Onze tocht die we te voet afleggen is vermoeiend en als het donkerder wordt, volgen we een pad om voorbij de bergen te geraken. Het is inmiddels weer gaan regenen en doordat het pad niet te breed is, moet ik mijn best doen om er niet af te slippen. Ik begeef mij tussen Kili en in Fili, die me steeds in het oog houden dat ik niet zou vallen. Achter me hoor ik Bilbo gillen, die struikelt en bijna over de rand valt. Gelukkig hebben Dwalin en Bofur hem nog net op tijd kunnen helpen.
'We moeten ergens schuilen.' roept Thorin door de regen. Net op dat moment kijkt Dwalin in de verte en wijst voor hem uit.
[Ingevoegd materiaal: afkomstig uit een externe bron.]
(* For all $x\in W_{\mathbf{Q}}(\mathbf{Q}(t))$, $\rho_s(x)\ge s(x)$.
   Context: $W(\mathbf{Q}(t))$ is the Witt group of nonsingular hermitian forms over $\mathbf{Q}(t)$ with involution induced by $t\mapsto t^{-1}$, $\rho(w)$ the minimal dimension of a representing hermitian matrix, and $\sigma_w(t)$ ($t\in[0,\tfrac12)$) its averaged signature function: for a representative $A$, with $\sigma'_A(t)$ the signature of $A(e^{2\pi it})$, $\sigma_w(t)=\tfrac12(\lim_{\tau\downarrow t}\sigma'_A(\tau)+\lim_{\tau\uparrow t}\sigma'_A(\tau))$ for $t>0$ and $\sigma_w(0)=\lim_{\tau\downarrow0}\sigma'_A(\tau)$. Let $W_{\mathbf{Q}}(\mathbf{Q}(t))=W(\mathbf{Q}(t))\otimes\mathbf{Q}$. Every element has the form $w\otimes\frac1n$ with $w\in W(\mathbf{Q}(t))$, $n\ge1$; define $\rho_s(w\otimes\frac1n)=\frac{1}{4n}\rho(4w)$ and $s(w\otimes\frac1n)=\frac1n\max_t|\sigma_w(t)|$ (these are well defined). *)

From HB Require Import structures.
From mathcomp Require Import all_boot all_order all_algebra.
From mathcomp Require Import complex.
From mathcomp Require Import all_classical all_reals all_analysis.
From mathcomp Require Import Rstruct Rstruct_topology.
From Stdlib Require Import Rdefinitions.
Local Notation R := Rdefinitions.R.

Set Implicit Arguments.
Unset Strict Implicit.
Unset Printing Implicit Defensive.

Import Order.TTheory GRing.Theory Num.Theory.
Local Open Scope ring_scope.
Local Open Scope classical_set_scope.

Definition Qt : fieldType := {fraction {poly rat}}.

Definition tQ : Qt := tofrac ('X : {poly rat}).

Definition fnum (f : Qt) : {poly rat} := ((repr f : {ratio {poly rat}}) : {poly rat} * {poly rat}).1.
Definition fden (f : Qt) : {poly rat} := ((repr f : {ratio {poly rat}}) : {poly rat} * {poly rat}).2.

Definition polyinvt (p : {poly rat}) : Qt := (map_poly (fun c : rat => tofrac (c%:P : {poly rat})) p : {poly Qt}).[tQ^-1].
Local Notation validf := (validf src tgt).
Local Notation endf := (endf tgt).
Local Notation pvalid := (pvalid src tgt).
Local Notation pend := (pend tgt).
Local Notation composable := (composable src tgt).
Local Notation coef := (coef src tgt).
Local Notation mule := (mule src tgt).
Local Notation in_ideal := (in_ideal src tgt).
Local Notation pel := (pel K).
Local Notation vtx := (vtx K Arr).

Lemma validf_cat s l1 l2 : validf s (l1 ++ l2) = validf s l1 && validf (endf s l1) l2.
Proof. by elim: l1 s => [|a l IH] s //=; rewrite IH andbA. Qed.

Lemma endf_cat s l1 l2 : endf s (l1 ++ l2) = endf (endf s l1) l2.
Proof. by elim: l1 s => [|a l IH] s /=. Qed.

Lemma pvalid_pcat p q : pvalid (pcat p q) = pvalid p && validf (pend p) q.2.
Proof. by rewrite /pvalid /= validf_cat. Qed.

Lemma pend_pcat p q : pend (pcat p q) = endf (pend p) q.2.
Proof. by rewrite /pend /= endf_cat. Qed.

Lemma pcatA p q z : pcat (pcat p q) z = pcat p (pcat q z).
Proof. by rewrite /pcat /= catA. Qed.

Lemma composable_pcat p q : composable p q -> pvalid (pcat p q) /\ pend (pcat p q) = pend q.
Proof. by case/and3P=> Hp Hq /eqP Hpq; rewrite pvalid_pcat pend_pcat Hpq Hp. Qed.
(* A polynomial of P_d vanishing on the boundary of the square [-1,1]^2 is a
   multiple of the bubble (x^2 - 1)(y^2 - 1) by a polynomial of P_(d-4); in
   particular it is zero when d <= 3.  We divide out the four edges one at a
   time; after each division the quotient still vanishes on the remaining
   edges away from the corners, hence on the whole edges (inP_line_vanish). *)
Lemma inP_boundary_factor d f : inP d f ->
  (forall y, f 1 y = 0) -> (forall y, f (-1) y = 0) ->
  (forall x, f x 1 = 0) -> (forall x, f x (-1) = 0) ->
  ((d <= 3)%N -> forall x y, f x y = 0) /\
  exists q, inP (d - 4) q /\ forall x y, f x y = (x ^+ 2 - 1) * (y ^+ 2 - 1) * q x y.
Proof.
move=> fP f_x1 f_xm1 f_y1 f_ym1.
have off_ends (x : R) : x != 1 -> x != -1 -> (x - 1) * (x + 1) != 0.
  by move=> x1 xm1; rewrite mulf_neq0 ?subr_eq0 ?addr_eq0.
have m2_neq0 : (-1 - 1 : R) != 0 by apply/eqP; lra.
have [g1 [g1P f_g1]] := inP_div_line fP f_x1.
have g1_xm1 y : g1 (-1) y = 0.
  by apply/eqP; have := f_xm1 y; rewrite f_g1 => /eqP; rewrite mulf_eq0 (negbTE m2_neq0).
have [g2 [g2P g1_g2]] := inP_div_line g1P g1_xm1.
have f_g2 x y : f x y = (x - 1) * (x + 1) * g2 x y by rewrite f_g1 g1_g2 opprK mulrA.
have g2_y1 : forall x, g2 x 1 = 0.
  apply: inP_line_vanish g2P _ => x x1 xm1; apply/eqP.
  by have := f_y1 x; rewrite f_g2 => /eqP; rewrite mulf_eq0 (negbTE (off_ends x x1 xm1)).
have [g3 [g3P g2_g3]] := inP_div_line_y g2P g2_y1.
have g3_ym1 : forall x, g3 x (-1) = 0.
  apply: inP_line_vanish g3P _ => x x1 xm1; apply/eqP.
  have := f_ym1 x; rewrite f_g2 g2_g3 => /eqP.
  by rewrite mulf_eq0 (negbTE (off_ends x x1 xm1)) mulf_eq0 (negbTE m2_neq0).
have [g4 [g4P g3_g4]] := inP_div_line_y g3P g3_ym1.
split; last first.
  exists g4; split; first by rewrite (_ : d - 4 = d.-1.-1.-1.-1)%N //; lia.
  by move=> x y; rewrite f_g2 g2_g3 g3_g4 opprK; ring.
have const0 n (g : R -> R -> R) :
    inP n g -> n = 0%N -> forall x y x' y', g x y = g x' y'.
  by move=> + n0; rewrite n0; exact: inP0_const.
move=> d_le3 x y; have [d0|d1|d2|d3] : [\/ d = 0, d = 1, d = 2 | d = 3]%N.
  by move: d_le3; case: (d) => [|[|[|[|n]]]] // _; [exact: Or41|exact: Or42|exact: Or43|exact: Or44].
- by rewrite (const0 _ _ fP d0 x y 1 y) f_x1.
- by rewrite f_g1 (const0 _ _ g1P _ x y (-1) y) ?g1_xm1 ?mulr0 // d1.
- by rewrite f_g2 (const0 _ _ g2P _ x y x 1) ?g2_y1 ?mulr0 // d2.
- by rewrite f_g2 g2_g3 (const0 _ _ g3P _ x y x (-1)) ?g3_ym1 ?mulr0 // d3.
Qed.

End SquareBoundary.

Section LegendreEnds.
Variable R : numFieldType.

Lemma derivn_XsubC_exp_at n (c : R) (h : {poly R}) :
  ((('X - c%:P) ^+ n * h)^`(n)).[c] = n`!%:R * h.[c].
Proof.
elim: n h => [|n IH] h; first by rewrite expr0 mul1r derivn0 mul1r.
rewrite derivSn derivM deriv_exp derivXsubC mul1r /=.
have -> : ('X - c%:P) ^+ n *+ n.+1 * h + ('X - c%:P) ^+ n.+1 * h^`()
   = ('X - c%:P) ^+ n * (h *+ n.+1 + ('X - c%:P) * h^`()) by rewrite exprS; ring.
rewrite IH hornerD hornerMn hornerM hornerXsubC subrr mul0r addr0.
by rewrite factS natrM -mulr_natr; ring.
Qed.

Lemma legendre_ends n :
  (legendre R n).[1] = 1 /\ (legendre R n).[-1] = (-1) ^+ n.
Proof.
have sq_at1 : ('X ^+ 2 - 1 : {poly R}) ^+ n = ('X - 1%:P) ^+ n * ('X - (-1)%:P) ^+ n.
  by rewrite -exprMn polyCN polyC1; congr (_ ^+ _); ring.
have sq_atm1 : ('X ^+ 2 - 1 : {poly R}) ^+ n = ('X - (-1)%:P) ^+ n * ('X - 1%:P) ^+ n.
  by rewrite sq_at1 mulrC.
have K_inv : ((2 ^ n * n`!)%N%:R : R)^-1 * (n`!%:R * 2 ^+ n) = 1.
  rewrite natrM natrX [n`!%:R * _]mulrC mulVf // mulf_neq0 ?expf_neq0 ?pnatr_eq0 //.
  by rewrite -lt0n fact_gt0.
rewrite /legendre !hornerZ; split.
- rewrite sq_at1 derivn_XsubC_exp_at horner_exp hornerXsubC opprK.
  by rewrite (_ : 1 + 1 = 2 :> R) // K_inv.
- rewrite sq_atm1 derivn_XsubC_exp_at horner_exp hornerXsubC.
  rewrite (_ : -1 - 1 = (-1) * 2 :> R); last by ring.
  by rewrite exprMn [n`!%:R * _]mulrCA [_^-1 * _]mulrCA K_inv mulr1.
Qed.

Lemma size_legendre n : (size (legendre R n) <= n.+1)%N.
Proof.
apply: leq_trans (size_scale_leq _ _) _; apply/leq_sizeP => i ni.
have sq_size : (size (('X ^+ 2 - 1 : {poly R}) ^+ n) <= (2 * n).+1)%N.
  by apply: leq_trans (size_poly_exp_leq _ _) _; rewrite -polyC1 size_XnsubC.
by rewrite coef_derivn (leq_sizeP _ _ sq_size) ?mul0rn //; lia.
Qed.

End LegendreEnds.

Definition node_poly (R : fieldType) n (g : 'I_n -> R) : {poly R} :=
  \prod_(i < n) ('X - (g i)%:P).

Section NodePolynomial.
Variables (R : fieldType) (n : nat) (g : 'I_n -> R).

Lemma node_poly_monic : node_poly g \is monic.
Proof. exact: monic_prod_XsubC. Qed.

Lemma size_node_poly : size (node_poly g) = n.+1.
Proof. by rewrite size_prod_XsubC /index_enum -enumT size_enum_ord. Qed.

Lemma node_poly_dvdp (E : {poly R}) : injective g ->
  (forall i, root E (g i)) -> node_poly g %| E.
Proof.
move=> g_inj Eg; rewrite /node_poly -(big_map g predT (fun z => 'X - z%:P)).
apply: uniq_roots_dvdp; first by apply/allP => _ /mapP[i _ ->].
by rewrite uniq_rootsE map_inj_uniq ?index_enum_uniq.
Qed.

End NodePolynomial.

(* If the nodes are the distinct zeros of an odd-degree Legendre polynomial,
   the node polynomial is a nonzero multiple of it, so it inherits its end
   values up to a common factor: N(1) != 0 and N(-1) = -N(1). *)
Lemma node_poly_legendre_ends (R : numFieldType) n (g : 'I_n -> R) :
  odd n -> injective g -> (forall i, root (legendre R n) (g i)) ->
  (node_poly g).[1] != 0 /\ (node_poly g).[-1] = - (node_poly g).[1].
Proof.
move=> n_odd g_inj g_root; have [L1 Lm1] := legendre_ends R n.
rewrite -signr_odd n_odd expr1 in Lm1.
have L_neq0 : legendre R n != 0.
  by apply/eqP => L0; move: L1; rewrite L0 horner0 => /eqP; rewrite eq_sym oner_eq0.
have N_L := node_poly_dvdp g_inj g_root.
have : node_poly g %= legendre R n.
  by rewrite -dvdp_size_eqp // eqn_leq dvdp_leq //= size_node_poly size_legendre.
move=> /eqpP[[c1 c2] /= /andP[c1_neq0 c2_neq0] c12].
have N_val x : (node_poly g).[x] = c2 / c1 * (legendre R n).[x].
  by apply: (mulfI c1_neq0); rewrite -hornerZ c12 hornerZ mulrA mulrCA mulfV // mulr1.
by rewrite !N_val L1 Lm1 mulr1 mulrN1 mulf_neq0 ?invr_eq0.
Qed.

Section EdgeTraces.
Variables (R : fieldType) (m : nat) (N : {poly R}).
Hypotheses (N_monic : N \is monic) (size_N : size N = m.+1).

Lemma edge_factor (E : {poly R}) : N %| E -> (size E <= m.+2)%N ->
  exists beta, E = (E`_m.+1 *: 'X + beta%:P) * N.
Proof.
move=> N_E size_E; set q := E %/ N.
have E_q : E = q * N by rewrite divpK.
have size_q : (size q <= 2)%N.
  by rewrite size_divp ?monic_neq0 // size_N /= leq_subLR addn2.
have q_lin : q = q`_1 *: 'X + (q`_0)%:P.
  apply/polyP => i; rewrite coefD coefZ coefX coefC.
  case: i => [|[|i]]; rewrite ?mulr0 ?mulr1 ?add0r ?addr0 //=.
  by rewrite (leq_sizeP _ _ size_q).
have N_top : N`_m = 1 by move/monicP: N_monic; rewrite lead_coefE size_N.
have E_top : E`_m.+1 = q`_1.
  rewrite E_q {1}q_lin mulrDl -scalerAl mul_polyC coefD !coefZ coefXM /= N_top.
  by rewrite (leq_sizeP _ _ (eq_leq size_N)) // mulr0 addr0 mulr1.
by exists q`_0; rewrite E_top -q_lin.
Qed.

Lemma edge_multiple (E : {poly R}) : N %| E -> (size E <= m.+2)%N ->
  E`_m.+1 = 0 -> forall t, E.[t] = E`_m * N.[t].
Proof.
move=> N_E size_E; have [beta E_eq top0] := edge_factor N_E size_E.
rewrite top0 scale0r add0r mul_polyC in E_eq.
have N_top : N`_m = 1 by move/monicP: N_monic; rewrite lead_coefE size_N.
by move=> t; rewrite E_eq coefZ N_top mulr1 hornerZ.
Qed.

Hypothesis N_odd_ends : N.[-1] = - N.[1].

Lemma edge_ends_sum (E : {poly R}) : N %| E -> (size E <= m.+2)%N ->
  E.[1] + E.[-1] = (E`_m.+1 * N.[1]) *+ 2.
Proof.
move=> N_E size_E; have [beta] := edge_factor N_E size_E.
set alpha := E`_m.+1 => ->.
by rewrite !hornerM !hornerD !hornerZ !hornerX !hornerC N_odd_ends; ring.
Qed.

End EdgeTraces.

Definition er_fun (R : pzRingType) m (p : R -> R -> R) (a b : R) (x y : R) : R :=
  p x y + a * (x ^+ m * y - x * y ^+ m) + b * (x ^+ m.+1 - y ^+ m.+1).

Section ERTraces.
Variables (R : comNzRingType) (m : nat).

(* For m = 1 the first extra function x^m y - x y^m vanishes identically, so
   its coefficient can be taken to be zero. *)
Lemma inER_er_fun (v : R -> R -> R) : inER m v ->
  exists p a b, [/\ inP m p, (m = 1%N -> a = 0) &
                    forall x y, v x y = er_fun m p a b x y].
Proof.
move=> [p [a [b [pP v_eq]]]]; have [m1|m_neq1] := eqVneq m 1%N.
  by exists p, 0, b; split=> // x y; rewrite v_eq /er_fun m1 !expr1 subrr mulr0 mul0r.
by exists p; exists a; exists b; split=> // m1; rewrite m1 eqxx in m_neq1.
Qed.

Lemma er_fun_swap (p : R -> R -> R) (a b x y : R) :
  er_fun m p a b y x = er_fun m (fun x y => p y x) (- a) (- b) x y.
Proof. by rewrite /er_fun; ring. Qed.
Lemma unit_pyramid_in_hull D (p : lat) : 0 < D ->
  in_unit_pyramid ((p 0 0)%:r / D%:r) ((p 1 0)%:r / D%:r) ((p 2 0)%:r / D%:r) ->
  in_hull (pyramid D (- (2 * D)) (- D) (- D)) (X p).
Proof.
move=> D0; have Dr : D%:r != 0 :> R by rewrite intr_eq0 gt_eqF.
set q0 := _ / D%:r; set q1 := _ / D%:r; set q2 := _ / D%:r.
have pE : X p = \col_i (nth 0 [:: q0; q1; q2] i * D%:r).
  by apply: cV3_ext; rewrite !mxE /= /q0 /q1 /q2 divfK.
rewrite pE; clearbody q0 q1 q2 => -[? ? ? ? ?].
have [le21|lt12] := leP q2 q1.
  apply: (in_hull5 (c1 := (1 - q0) / 3) (c2 := (1 + 2 * q0) / 3 - q1) (c3 := q1 - q2)
    (c4 := q2 + (1 - q0) / 3) (c5 := 0)); first (by split=> //; lra); first lra.
  by apply: cV3_ext; rewrite !mxE /= ?intrN ?intrM; lra.
apply: (in_hull5 (c1 := (1 - q0) / 3) (c2 := (1 + 2 * q0) / 3 - q2) (c3 := 0)
  (c4 := q1 + (1 - q0) / 3) (c5 := q2 - q1)); first (by split=> //; lra); first lra.
by apply: cV3_ext; rewrite !mxE /= ?intrN ?intrM; lra.
Qed.

Lemma pyramid_dvd D (p : lat) k : p \in pyramid D (- (2 * D)) (- D) (- D) \/ p = 0 ->
  (D %| p k 0%R)%Z.
Proof.
case=> [|->]; last by rewrite mxE dvdz0.
rewrite !inE => /orP[|/or4P[]] /eqP ->; rewrite mxE;
  case: k => [[|[|[|k]]] ?] /=; rewrite ?nth_nil ?rpredN ?dvdz0 ?dvdzz //.
exact: dvdz_mull (dvdzz D).
Qed.

End Pyramid.

Section ParallelogramPyramid.
Variable R : realType.
Variables y1 y2 y3 y4 y5 : lat.
Hypothesis parallelogram : y2 + y4 = y3 + y5.
Local Notation V := [:: y1; y2; y3; y4; y5].
Local Notation X := (toR R).
Local Notation "x %:r" := (x%:~R : R) (at level 2, format "x %:r").
Local Notation "M %:RM" := (map_mx (fun z : int => z%:~R : R) M) (at level 2).

Definition basis : 'M[int]_3 := \matrix_(i, j) (nth 0 [:: y2; y3 - y2; y5 - y2] j) i 0.

Lemma basis_pt p q r : basis *m pt p q r = p *: y2 + q *: (y3 - y2) + r *: (y5 - y2).
Proof. by apply/matrixP => i j; rewrite (ord1 j) !mxE sum3 !mxE /= ?mxE; ring. Qed.

Lemma vertices_basis : [/\ y2 = basis *m pt 1 0 0, y3 = basis *m pt 1 1 0,
  y4 = basis *m pt 1 1 1 & y5 = basis *m pt 1 0 1].
Proof.
rewrite !basis_pt !scale1r !scale0r !addr0 subrKC; split=> //.
  by rewrite addrA -parallelogram addrC addKr.
by rewrite addrC subrK.
Qed.

Hypothesis V_interior : origin_interior R V.
Lemma renewal_identity n : (0 < n)%N -> \sum_(x < N) \sum_(1 <= m < n.+1)
  Pr P (first_hit x m) * Pr P [set w | hit 0 (n - m) w] = 1.
Proof.
by move=> n_gt0; rewrite -(sum_Pr_hit n); apply: eq_bigr => x _; rewrite Pr_hit_renewal.
Qed.

Lemma Pr_hit_within x n :
  Pr P (hit_within x n) = \sum_(1 <= m < n.+1) Pr P (first_hit x m).
Proof.
rewrite (@Pr_first_hit_decomp x n _ (measurable_hit_within x n)) //.
apply: eq_big_nat => m /andP[m_gt0 lt_mn]; congr (Pr P _).
apply/seteqP; split => [w []//|w first_w]; split => //.
by exists m; [rewrite m_gt0 -ltnS | case: first_w].
Qed.

Lemma PR_hit_within :
  PR P N [set xw | exists n, (1 <= n <= N)%N /\ Rw X N n xw = 0] =
  N%:R^-1 * \sum_(x < N) Pr P (hit_within x N).
Proof.
congr (_ * _); apply: eq_bigr => x _; congr (fine (P _)).
by apply/seteqP; split => w /= => [[n [n_in /eqP]]|[n n_in /eqP]]; exists n.
Qed.

Lemma hit0_cls k : [set w | hit 0 k w] = [set w | S X k w \in cls 0 N].
Proof.
apply/seteqP; split => w; rewrite /= /hit /Rw /= add0r in_setE /cls /=.
  by move/eqP/dvdz_mod0P/dvdzP => [q ->]; exists q; rewrite add0r.
by case=> q ->; apply/eqP/dvdz_mod0P/dvdzP; exists q; rewrite add0r.
Qed.

End Residues.
End IID.

Lemma sum_triangle (R : nmodType) (g : nat -> nat -> R) M :
  \sum_(1 <= n < M.+1) \sum_(1 <= m < n.+1) g m (n - m)%N =
  \sum_(1 <= m < M.+1) \sum_(i < (M - m).+1) g m i.
Proof.
elim: M => [|M IH]; first by rewrite !big_geq.
rewrite big_nat_recr //= IH; under [RHS]eq_bigr => m _ do rewrite big_ord_recr /=.
rewrite big_split /=; congr (_ + _).
rewrite [RHS]big_nat_recr //= subnn big_ord0 addr0.
by apply: eq_big_nat => m /andP[_ le_mM]; rewrite subSn.
Qed.

Section RenewalBounds.
Variables (R : realFieldType) (I : finType) (f : I -> nat -> R) (q : nat -> R).
Hypotheses (f_ge0 : forall x m, 0 <= f x m) (q_ge0 : forall i, 0 <= q i).
Hypothesis renewal :
  forall n, (0 < n)%N -> \sum_x \sum_(1 <= m < n.+1) f x m * q (n - m)%N = 1.

Lemma sum_ord_le k l : (k <= l)%N -> \sum_(i < k) q i <= \sum_(i < l) q i.
Proof.
move=> le_kl; rewrite (big_ord_widen l) // [leRHS](bigID (fun i : 'I_l => (i < k)%N)) /=.
by rewrite lerDl sumr_ge0.
Qed.

Lemma renewal_sum M :
  M%:R = \sum_x \sum_(1 <= m < M.+1) f x m * \sum_(i < (M - m).+1) q i.
Proof.
have -> : M%:R = \sum_(1 <= n < M.+1) (1 : R) by rewrite sumr_const_nat subn1.
under eq_big_nat => n /andP[n_gt0 _] do rewrite -(renewal n_gt0).
rewrite exchange_big /=; apply: eq_bigr => x _; rewrite (sum_triangle (fun m i => f x m * q i)).
by apply: eq_bigr => m _; rewrite mulr_sumr.
Qed.

Lemma renewal_bounds K :
  K%:R <= (\sum_(i < K) q i) * \sum_x \sum_(1 <= m < K.+1) f x m <= (2 * K)%:R.
Proof.
rewrite mulr_sumr; under eq_bigr do rewrite mulr_sumr.
apply/andP; split.
  rewrite renewal_sum; apply: ler_sum => x _; apply: ler_sum_nat => m /andP[m_gt0 le_mK].
  by rewrite mulrC ler_wpM2r // sum_ord_le //; lia.
rewrite renewal_sum; apply: ler_sum => x _.
rewrite [leRHS](big_cat_nat _ (n:=K.+1)) //=; last lia.
rewrite -[leLHS]addr0 lerD //; last first.
  by apply: sumr_ge0 => m _; rewrite mulr_ge0 ?sumr_ge0.
apply: ler_sum_nat => m /andP[m_gt0 le_mK].
by rewrite [leRHS]mulrC ler_wpM2r // sum_ord_le //; lia.
Qed.

End RenewalBounds.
'Pas op!' roept hij uit en in de lucht komt op een hoge snelheid een steen onze kant uit, die net boven ons op de rots bots. Kleine stukjes steen dwarrelen naar beneden en Fili houdt me beschermend vas terwijl hij ons beiden tegen de rots duwt. Niet veel later zijn we steenreuzen tegen elkaar vechten, terwijl ze stukken van de berg rukken om er elkaar mee te bekogelen. Het stuk van het pad waar ik op sta, begint zich plots in twee te splitsen en Fili trekt me verder naar achteren. De broers worden op die manier van elkaar gescheiden en Kili kijkt ontredderd naar zijn broer.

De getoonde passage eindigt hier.